Notably, 1 case had CALR and JAK2 V617F double mutations and another patient had MPL and JAK2 V617F double mutations in the ACS group. These findings contradict the hypothesis that mutations in JAK2, CALR, and MPL are mutually exclusive (53). Although these co-mutations are rare in MPN patients, there have been a few reports (54, 55). For instance, patients with CALR and JAK2 gene co-mutations were found in Colombian MPN patients (56). Min-Gu Kang et al. found that JAK2 and CALR mutations coexisted in 7 (4.2%) of 167 ET patients (57). However, the current evidence cannot confirm whether the presence of co-mutations might affect the occurrence of thrombotic events and ACS, and future cohort studies are worth conducting to answer this question.

In addition to disease driver mutations, clonal hematopoiesis of indeterminate potential (CHIP) was also associated with CHD. CHIP increases coronary artery calcification, which is a marker of coronary atherosclerotic burden. Jaiswal et al. found that carriers of CHIP had a 1.9-fold increased risk of CHD compared to non-carriers (58). Besides, Zhao et al. found that CHIP not only significantly increases the risk of CHD, but also shows a significant additive effect with the genetic risk of innate inflammation (59). CHIP and chronic inflammation are typical features of MPN, and CHIP can promote inflammatory response. Furthermore, chronic inflammation is the main driver of early atherosclerosis and disease progression in MPN patients (60). Therefore, there is a close relationship between CHIP, CHD, and MPN. In the future, it is expected that more research will be devoted to the mechanisms of CHIP and CHD in MPN.

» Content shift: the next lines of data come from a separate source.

(* Consider a Moksha-Patam board with a chute-barrier of $\lambda\ge 6$ chutes whose entrances are the cells $M+1,M+2,\dots,M+\lambda$. Set $m_1=M+1$ and let $m_2$ be the lowest exit among the chutes of this chute-barrier. Inductively, for $i\ge 2$, let $m_{i+1}$ be the lowest exit among the chutes whose entrance lies in $\{m_i+1,m_i+2,\dots,m_{i-1}-1\}$, or $m_{i+1}=m_i$ if there is no such chute or if this lowest exit exceeds $m_i$. Let $m=\min\{m_i: i\in\mathbb N\}$ and $C=\{m,m+1,\dots,M\}$. Then $C$ is not closed if and only if there is a ladder whose entrance $\ell$ lies in $C$ and whose exit $L$ satisfies $L>M+\lambda$.
   Context: A Moksha-Patam board consists of the cells $1,\dots,100$ together with a finite set of components; a component is an ordered pair $(a,b)$ of distinct cells, $a$ being its entrance and $b$ its exit; it is a ladder if $a<b$ and a chute if $a>b$. Conventions: distinct components have distinct entrances; no cell is both an entrance and an exit; cells $1$ and $100$ are neither entrances nor exits (components may share exits). The associated Markov chain has state space $\{1,\dots,100\}$ and transition probabilities defined as follows: $p_{100,100}=1$; for $i<100$ and each die value $d\in\{1,\dots,6\}$ (each with probability $1/6$), if $i+d>100$ the chain stays at $i$; otherwise, with $j=i+d$, the chain moves to $b$ if $j$ is the entrance of a component $(j,b)$ and to $j$ otherwise. A set $C$ of states is closed if $p_{ij}=0$ for all $i\in C$, $j\notin C$. A chute-barrier is a collection of six or more chutes whose entrances are consecutive cells. *)

From mathcomp Require Import all_boot all_order all_algebra.
Set Implicit Arguments. Unset Strict Implicit. Unset Printing Implicit Defensive.
Import GRing.Theory Num.Theory.

(* A board is a finite list of components (a, b) = (entrance, exit). *)
Definition board := seq (nat * nat).

Definition is_cell (x : nat) : bool := (1 <= x <= 100)%N.
Definition entrances (s : board) : seq nat := map fst s.
Definition exits (s : board) : seq nat := map snd s.

Definition valid_board (s : board) : Prop :=
  [/\ forall c, c \in s -> [/\ is_cell c.1, is_cell c.2 & c.1 != c.2],
      uniq (entrances s),
      forall x, x \in entrances s -> x \notin exits s,
      (1 \notin entrances s) && (1 \notin exits s)
    & (100 \notin entrances s) && (100 \notin exits s)].

Definition is_ladder (c : nat * nat) : bool := (c.1 < c.2)%N.
Definition is_chute (c : nat * nat) : bool := (c.2 < c.1)%N.

Definition dest (s : board) (j : nat) : nat :=
  if [seq c <- s | c.1 == j] is c :: _ then c.2 else j.

Definition target (s : board) (i d : nat) : nat :=
  if (100 < i + d)%N then i else dest s (i + d).

Definition trans (s : board) (i j : nat) : rat :=
  (if i == 100 then (if j == 100 then 1 else 0)
   else \sum_(1 <= d < 7) (6%:R)^-1 * (if target s i d == j then 1 else 0))%R.

Definition closed_set (s : board) (C : pred nat) : Prop :=
  forall i j, is_cell i -> is_cell j -> i \in C -> j \notin C -> trans s i j = 0%R.

Definition lowest_exit (s : board) (lo hi : nat) : option nat :=
  let xs := [seq c.2 | c <- s & [&& is_chute c, lo <= c.1 & c.1 <= hi]%N] in
  if xs is x :: _ then Some (foldr minn x xs) else None.

(* m_{i+1} from m_i (= a) and m_{i-1} (= b), for i >= 2. *)
Definition next_m (s : board) (a b : nat) : nat :=
  match lowest_exit s a.+1 b.-1 with
  | Some e => if (a < e)%N then a else e
  | None => a
  end.

(* mpair s M lam k = (m_{k+1}, m_{k+2}). *)
Fixpoint mpair (s : board) (M lam : nat) (k : nat) : nat * nat :=
  match k with
  | 0 => (M.+1, odflt M.+1 (lowest_exit s M.+1 (M + lam)))
  | k'.+1 => let p := mpair s M lam k' in (p.2, next_m s p.2 p.1)
  end.

(* mseq s M lam k = m_{k+1} *)
Definition mseq (s : board) (M lam : nat) (k : nat) : nat := (mpair s M lam k).1.

From mathcomp Require Import all_boot all_order all_algebra.
From mathcomp Require Import zify.
From Stdlib Require Import Classical_Prop.
Set Implicit Arguments. Unset Strict Implicit. Unset Printing Implicit Defensive.
Import GRing.Theory Num.Theory.

(* Every cell M+1, ..., M+lam of the barrier is a chute entrance, hence no
   exit, so every exit up to M+lam is at most M. By induction along the
   sequence, every chute entering (m_{k+1}, M+lam] lands at or above m_{k+2};
   as the sequence is eventually constant equal to m, every chute entering
   (m, M+lam] lands in C, and m, being an exit, is no entrance. From a cell of
   C a roll of at most 6 <= lam lands in (m, M+lam], where a chute lands in C
   and a ladder either lands in C or jumps past the barrier. Conversely, for
   such a ladder (l, L) we have l > m, and the roll 1 from l - 1 in C carries
   the token to L outside C. *)

Lemma foldr_minn_le x xs y : y \in xs -> (foldr minn x xs <= y)%N.
Proof.
elim: xs => [|z t IH] //=; rewrite inE => /orP[/eqP->|yt].
  exact: geq_minl.
exact: leq_trans (geq_minr _ _) (IH yt).
Qed.

Lemma foldr_minn_mem x xs : foldr minn x xs \in x :: xs.
Proof.
elim: xs => [|z t IH] /=; first by rewrite inE.
rewrite {1}/minn; case: ifP => _; first by rewrite !inE eqxx orbT.
by move: IH; rewrite !inE => /orP[->|->] //; rewrite !orbT.
Qed.

Lemma uniq_fst_eq (T U : eqType) (s : seq (T * U)) k x y :
  uniq (map fst s) -> (k, x) \in s -> (k, y) \in s -> x = y.
Proof.
elim: s => [|c t IH] //= /andP[nc ut].
rewrite !inE => /orP[/eqP ex|xt] /orP[/eqP ey|yt].
- by rewrite -ex in ey; case: ey.
- by case/negP: nc; rewrite -ex; apply/mapP; exists (k, y).
- by case/negP: nc; rewrite -ey; apply/mapP; exists (k, x).
- exact: IH.
Qed.

Section LowestExit.

Variables (s : board) (lo hi : nat).

Let window_exits := [seq c.2 | c <- s & [&& is_chute c, lo <= c.1 & c.1 <= hi]%N].

Lemma lowest_exit_le c : c \in s -> is_chute c -> (lo <= c.1 <= hi)%N ->
  exists2 e, lowest_exit s lo hi = Some e & (e <= c.2)%N.
Proof.
move=> cs ch r; rewrite /lowest_exit -/window_exits.
have : c.2 \in window_exits by apply: map_f; rewrite mem_filter ch r cs.
case: window_exits => [|x t] // cx.
by exists (foldr minn x (x :: t)); last exact: foldr_minn_le.
Qed.

Lemma lowest_exit_exits e : lowest_exit s lo hi = Some e -> e \in exits s.
Proof.
rewrite /lowest_exit -/window_exits.
have sub : {subset window_exits <= exits s}.
  by move=> y /mapP[c]; rewrite mem_filter => /andP[_ cs] ->; apply: map_f.
case: window_exits sub => [|x t] // sub [<-]; apply: sub.
by move: (foldr_minn_mem x (x :: t)); rewrite !inE orbA orbb.
Qed.

End LowestExit.

Lemma next_m_le s a b : (next_m s a b <= a)%N.
Proof.
rewrite /next_m; case: lowest_exit => [e|] //.
by case: ifP => // /negbT; rewrite -leqNgt.
Qed.

Lemma next_m_le_chute s a b j c : (j, c) \in s -> (c < j)%N -> (a < j <= b.-1)%N ->
  (next_m s a b <= c)%N.
Proof.
move=> js cj r; have [e E ec] := lowest_exit_le js cj r.
by rewrite /next_m E; case: ifP => // ae; apply: ltnW (leq_trans ae ec).
Qed.

Lemma next_m_exits s a b : next_m s a b = a \/ next_m s a b \in exits s.
Proof.
rewrite /next_m; case E: lowest_exit => [e|]; last by left.
by case: ifP => _; [left | right; apply: lowest_exit_exits E].
Qed.

Lemma dest_cases s j : (j \notin entrances s /\ dest s j = j) \/ (j, dest s j) \in s.
Proof.
rewrite /dest; have sub : {subset [seq c <- s | c.1 == j] <= s}.
  by move=> c; rewrite mem_filter => /andP[].
have : all (fun c => c.1 == j) [seq c <- s | c.1 == j] by apply: filter_all.
case E: [seq c <- s | c.1 == j] sub => [|c t] sub.
  left; split => //; apply/negP => /mapP[c cs cj].
  have : c \in [seq c <- s | c.1 == j] by rewrite mem_filter cs cj eqxx.
  by rewrite E.
move=> /= /andP[/eqP cj _]; right.
by have := sub c; rewrite inE eqxx -cj => /(_ isT); case: c {E sub cj}.
Qed.

Lemma dest_eq s j x : uniq (entrances s) -> (j, x) \in s -> dest s j = x.
Proof.
move=> u js; case: (dest_cases s j) => [[nj _]|h]; last exact: uniq_fst_eq u h js.
by case/negP: nj; apply/mapP; exists (j, x).
Qed.

Lemma target_dest s i d : (i + d <= 100)%N -> target s i d = dest s (i + d).
Proof. by rewrite /target leqNgt => /negbTE->. Qed.

Lemma trans_eq0 s i j : i != 100 ->
  (forall d, (1 <= d < 7)%N -> target s i d != j) -> trans s i j = 0%R.
Proof.
move=> i100 miss; rewrite /trans (negbTE i100) big_nat big1 // => d /miss/negbTE->.
exact: mulr0.
Qed.

Lemma trans_neq0 s i j d : i != 100 -> (1 <= d < 7)%N -> target s i d = j ->
  trans s i j != 0%R.
Proof.
move=> i100 d7 tj; rewrite /trans (negbTE i100).
rewrite (bigD1_seq d) ?mem_index_iota ?iota_uniq //= tj eqxx mulr1.
apply: lt0r_neq0; rewrite ltr_wpDr ?invr_gt0 ?ltr0n //.
by apply: sumr_ge0 => e _; rewrite mulr_ge0 ?invr_ge0 ?ler0n //; case: ifP.
Qed.

Lemma exit_notin_entrances s b : valid_board s -> b \in exits s -> b \notin entrances s.
Proof. by case=> _ _ ent_exit _ _ be; apply: contraTN be => /ent_exit. Qed.

Definition chute_barrier (s : board) (M lam : nat) :=
  forall k, (M.+1 <= k <= M + lam)%N -> exists b, (k, b) \in s /\ (b < k)%N.

Section Barrier.

Variables (s : board) (M lam : nat).
Hypotheses (Hs : valid_board s) (Hlam : (0 < lam)%N) (Hbar : chute_barrier s M lam).

Local Notation m_ := (mseq s M lam).

Lemma mseqSS k : m_ k.+2 = next_m s (m_ k.+1) (m_ k).
Proof. by []. Qed.

Lemma barrier_entrance k : (M < k <= M + lam)%N -> k \in entrances s.
Proof. by move=> /Hbar[b [kb _]]; apply/mapP; exists (k, b). Qed.

Lemma barrier_exit_le b : b \in exits s -> (b <= M + lam)%N -> (b <= M)%N.
Proof.
move=> /(exit_notin_entrances Hs) bnot bl; rewrite leqNgt.
by apply: contraNN bnot => Mb; apply: barrier_entrance; rewrite Mb.
Qed.

Lemma barrier_top_lt100 : (M + lam < 100)%N.
Proof.
have [|b [bs _]] := @Hbar (M + lam); first by apply/andP; split => //; lia.
case: Hs => /(_ _ bs)[/andP[_ top] _ _] _ _ _ /andP[n100 _].
have : M + lam != 100.
  by apply: contraNneq n100 => <-; apply/mapP; exists (M + lam, b).
by move: top => /=; lia.
Qed.

Lemma mseq1_spec : lowest_exit s M.+1 (M + lam) = Some (m_ 1) /\ (m_ 1 <= M)%N.
Proof.
have [|b [bs bl]] := @Hbar M.+1; first by apply/andP; split => //; lia.
have [|e E eb] := lowest_exit_le (lo := M.+1) (hi := M + lam) bs bl.
  by rewrite /= leqnn; lia.
by rewrite /mseq /= E; split => //; move: eb bl => /=; lia.
Qed.

Lemma mseq_exits k : m_ k.+1 \in exits s.
Proof.
elim: k => [|k IH]; first exact: lowest_exit_exits (proj1 mseq1_spec).
by rewrite mseqSS; case: (next_m_exits s (m_ k.+1) (m_ k)) => [->|].
Qed.

Lemma mseq_nonincr k : (m_ k.+1 <= m_ k)%N.
Proof. by case: k => [|k]; [apply: leq_trans (proj2 mseq1_spec) _ | apply: next_m_le]. Qed.

(* m_{k+2} is the lowest exit over the window (m_{k+1}, m_k); chutes entering
   (m_k, M+lam] are handled by induction, and m_{k+1}, an exit, is no entrance. *)
Lemma mseq_le_chute k j b : (j, b) \in s -> (b < j)%N ->
  (m_ k.+1 < j <= M + lam)%N -> (m_ k.+2 <= b)%N.
Proof.
elim: k j b => [|k IH] j b js bj /andP[lj jh]; rewrite mseqSS.
  have [jM | Mj] := leqP j M; first by apply: next_m_le_chute js bj _; rewrite lj.
  have [|e] := lowest_exit_le (lo := M.+1) (hi := M + lam) js bj; first by rewrite /= Mj.
  by rewrite (proj1 mseq1_spec) => -[<-]; apply: leq_trans (next_m_le _ _ _).
case: (ltngtP (m_ k.+1) j) => h.
- by apply: leq_trans (next_m_le _ _ _) (IH _ _ js bj _); apply/andP.
- by apply: next_m_le_chute js bj _; apply/andP; split => //; lia.
- have := exit_notin_entrances Hs (mseq_exits k); rewrite h.
  by move=> /negP[]; apply/mapP; exists (j, b).
Qed.

Section Limit.

Variable m : nat.
Hypotheses (Hm_attained : exists i, m_ i = m) (Hm_min : forall i, (m <= m_ i)%N).

Lemma limit_le : (m <= M)%N.
Proof. exact: leq_trans (Hm_min 1) (proj2 mseq1_spec). Qed.

Lemma limit_exits : m \in exits s.
Proof.
have [[|i] mi] := Hm_attained; last by rewrite -mi mseq_exits.
by have := limit_le; rewrite -mi /mseq /=; lia.
Qed.

Lemma limit_gt0 : (0 < m)%N.
Proof. by have /mapP[c cs ->] := limit_exits; case: Hs => /(_ _ cs)[_ /andP[]]. Qed.

Lemma limit_notin_entrances : m \notin entrances s.
Proof. exact: exit_notin_entrances Hs limit_exits. Qed.

Lemma limit_le_chute j b : (j, b) \in s -> (b < j)%N -> (m < j <= M + lam)%N ->
  (m <= b)%N.
Proof.
have [i mi] := Hm_attained; move=> js bj r.
have mi1 : m_ i.+1 = m by apply/eqP; rewrite eqn_leq Hm_min -mi mseq_nonincr.
by apply: leq_trans (Hm_min i.+2) (mseq_le_chute js bj _); rewrite mi1.
Qed.

Lemma dest_limit_window k :
  (forall l L, (l, L) \in s -> (l < L)%N -> (m <= l <= M)%N -> (L <= M + lam)%N) ->
  (m < k <= M + lam)%N -> (m <= dest s k <= M)%N.
Proof.
move=> no_escape kw; have /andP[mk kh] := kw.
have [[nk ->]|ks] := dest_cases s k.
  have [kM|Mk] := leqP k M; first by rewrite ltnW.
  by case/negP: nk; apply: barrier_entrance; rewrite Mk.
have Dex : dest s k \in exits s by apply/mapP; exists (k, dest s k).
case: (ltngtP (dest s k) k) => h.
- by rewrite (limit_le_chute ks) // barrier_exit_le //; lia.
- have kM : (k <= M)%N.
    rewrite leqNgt; apply/negP => Mk; have [|b [bs bk]] := @Hbar k; first lia.
    have uniq_ent : uniq (entrances s) by case: Hs.
    by move: h; rewrite (uniq_fst_eq uniq_ent ks bs); lia.
  have DL := no_escape _ _ ks h (introT andP (conj (ltnW mk) kM)).
  by rewrite barrier_exit_le // andbT; lia.
- by case: Hs => /(_ _ ks)[_ _]; rewrite /= h eqxx.
Qed.

End Limit.

End Barrier.

Theorem mainTheorem8 (s : board) (M lam : nat) :
  valid_board s ->
  (6 <= lam)%N ->
  (forall k, (M.+1 <= k <= M + lam)%N -> exists b, (k, b) \in s /\ (b < k)%N) ->
  forall m : nat,
    (exists i, mseq s M lam i = m) ->
    (forall i, (m <= mseq s M lam i)%N) ->
    let C : pred nat := fun x => (m <= x <= M)%N in
    ~ closed_set s C <->
    exists l L, [/\ (l, L) \in s, (l < L)%N, C l & (M + lam < L)%N].
Proof.
move=> Hs lam_ge6 Hbar m Hatt Hmin C.
have Hlam : (0 < lam)%N by lia.
have top := barrier_top_lt100 Hs Hlam Hbar.
have mM := limit_le Hlam Hbar Hmin.
split.
- move=> not_closed; apply: NNPP => no_escape; apply: not_closed => i j _ _ iC jC.
  have /andP[mi iM] : (m <= i <= M)%N := iC.
  apply: trans_eq0 => [|d /andP[d1 d7]]; first by apply/eqP; lia.
  apply: contraNneq jC => <-; rewrite target_dest; last by lia.
  apply: (dest_limit_window Hs Hlam Hbar Hatt Hmin) => [l L ls lL lC|]; last by lia.
  by rewrite leqNgt; apply/negP => HL; apply: no_escape; exists l, L.
- case=> l [L [ls lL lC HL]] closed.
  have /andP[ml lM] : (m <= l <= M)%N := lC.
  have lm : m != l.
    apply: contraNneq (limit_notin_entrances Hs Hlam Hbar Hatt Hmin) => ->.
    by apply/mapP; exists (l, L).
  have m_gt0 := limit_gt0 Hs Hlam Hbar Hatt Hmin.
  have /andP[_ L100] : is_cell L by case: Hs => /(_ _ ls)[].
  have : trans s l.-1 L != 0%R.
    apply: (trans_neq0 (d := 1)) => //; first by apply/eqP; lia.
    rewrite target_dest; last by lia.
    rewrite (_ : l.-1 + 1 = l)%N; last by lia.
    by apply: dest_eq ls; case: Hs.
  by rewrite closed // /is_cell ?unfold_in /=; lia.
Qed.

Nonetheless, the limitations should be acknowledged. Although PV, ET, and PMF are the MPN, their clinical symptoms are different. Due to the limited sample size, we did not explore them separately for the time being. The differences between subtypes may warrant further discussion. Furthermore, the constituent ratios of patients with PV, ET, and MPL were 62.5%, 31.3%, and 6.3%, respectively in the ACS group. In the non-ACS group, the constituent ratios were 47.8%, 39.6%, and 12.6%, respectively. The difference in the proportion of subtypes between the two groups and the relatively small total sample size may be why JAK2 is not an independent risk factor for ACS. In the future, a multi-center study with more indicators and a large sample size should be conducted to establish a more comprehensive and accurate thrombosis risk prediction model.

Conclusion

In conclusion, CACS was significantly elevated in MPN patients, suggesting that MPN may increase the burden of coronary calcification. The CACS in MPN patients with ACS is significantly higher than that in MPN patients without ACS. CACS combined with WBC and platelets may provide an effective model to predict the risk of ACS in MPN patients.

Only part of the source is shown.